Шёпот, робкое дыханье,
Трели соловья, Серебро и колыханье
Сонного ручья. Свет ночной, ночные тени,
Тени без конца. Ряд волшебных изменений
Милого лица, В дымных тучках пурпур розы,
Отблеск янтаря, И лобзания, и слёзы, И заря, заря!..
...Не знаю наверно, как приняли бы свой „Меркурий" лиссабонцы, но мне кажется, они тут же казнили бы всенародно, на площади, своего знаменитого поэта, потому что вместо трелей соловья накануне слышались под землёй такие трели, а колыхание ручья появилось в минуту такого колыхания целого города, что у бедных лиссабонцев не только не осталось охоты наблюдать „в дымных тучках пурпур розы" или „отблеск янтаря", но даже показался слишком оскорбительным и небратским поступок поэта, воспевающего такие забавные вещи в такую минуту их жизни...
Заметим, впрочем, следующее: положим, лиссабонцы и казнили своего любимого поэта, но ведь стихотворение, на которое они все рассердились, могло быть великолепно по своему художественному совершенству. Мало того, поэта-то они б казнили, а через тридцать, через пятьдесят лет поставили бы ему на площади памятник за его удивительные стихи... Выходит, что не искусство было виновато в день лиссабонского землетрясения, а поэт, злоупотребивший искусством в ту минуту, когда было не до него».

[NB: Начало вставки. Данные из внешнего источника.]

(* Diagonalise Omega = P^* diag(d) P.  As Omega psi = psi and the eigenvalue 1 is simple,
   psi is, up to a phase, the eigenvector e_a0 with d_a0 = 1, and every other eigenvalue
   lies in [tau, beta].  Measuring rho in the product eigenbasis gives a permutation
   invariant probability q on outcomes x in [D]^(N+1), with
     p = E_q[prod_(k<N) d_(x_k)]   and   f = E_q[prod_(k<N) d_(x_k) [x_N = a0]].
   By exchangeability the unmeasured last position may be averaged over all N + 1
   positions.  Writing lam x = prod_k d_(x_k), m = E_q lam and J = E_q[lam ln lam] <= 0,
     tau p <= m,   f <= m,   f >= m - J / ((N+1) ln beta),   p - f <= - h J / (N+1),
   the last one because d ln(1/d) >= 1/h on [tau, beta] by concavity.  Jensen gives
   J >= m ln m >= m ln c for every c <= m, which yields f/p >= X / (X - h ln c) with
   X = N + 1 - ln c / ln beta.  Finally c = tau delta <= tau p <= m, resp. c = f <= m. *)

Section LnFacts.
Variable R : realType.
Implicit Types y z : R.

Lemma ln_le_subr1 z : 0 < z -> ln z <= z - 1.
Proof. by move=> z0; have := expR_ge1Dx (ln z); rewrite lnK ?posrE //; lra. Qed.

Lemma xlnx_ge_tangent z y : 0 < z -> 0 < y -> z * ln y + z - y <= z * ln z.
Proof.
move=> z0 y0; have := ler_wpM2l (ltW z0) (ln_le_subr1 (divr_gt0 y0 z0)).
rewrite ln_div ?posrE // mulrBr [z * (_ - 1)]mulrBr mulr1 mulrCA divff ?gt_eqF //.
lra.
Qed.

Фет в своей поэзии демонстративно уходил от злобы дня, от острых социальных проблем, которые волновали Россию. Но это не значит, однако, что поэтическое мироощущение Фета никак не связано с эпохой 1860-х годов. Фет чуждался прямой гражданственности. Но поэзия как искусство слова одной гражданственностью не исчерпывается. Фет явил в своём мироощущении другую, не менее существенную сторону жизни России 1860-х годов. Это была эпоха больших ожиданий и надежд, эпоха животворного кризиса старых основ жизни. Это было время радостного узнавания неисчерпаемой сложности и утончённости душевного мира, время раскрепощения чувств и осознания приблизительности и относительности всех попыток определить их с помощью точных слов. «Говорить про человека: он человек оригинальный, добрый, умный, глупый, последовательный и т. д. — слова, которые не дают никакого понятия о человеке, а имеют претензию обрисовать человека, тогда как часто только сбивают с толку», — заметил в своём дневнике молодой Л. Н. Толстой. Поэзия Фета по-своему отвечала на эти новые потребности, которые поставило перед искусством время.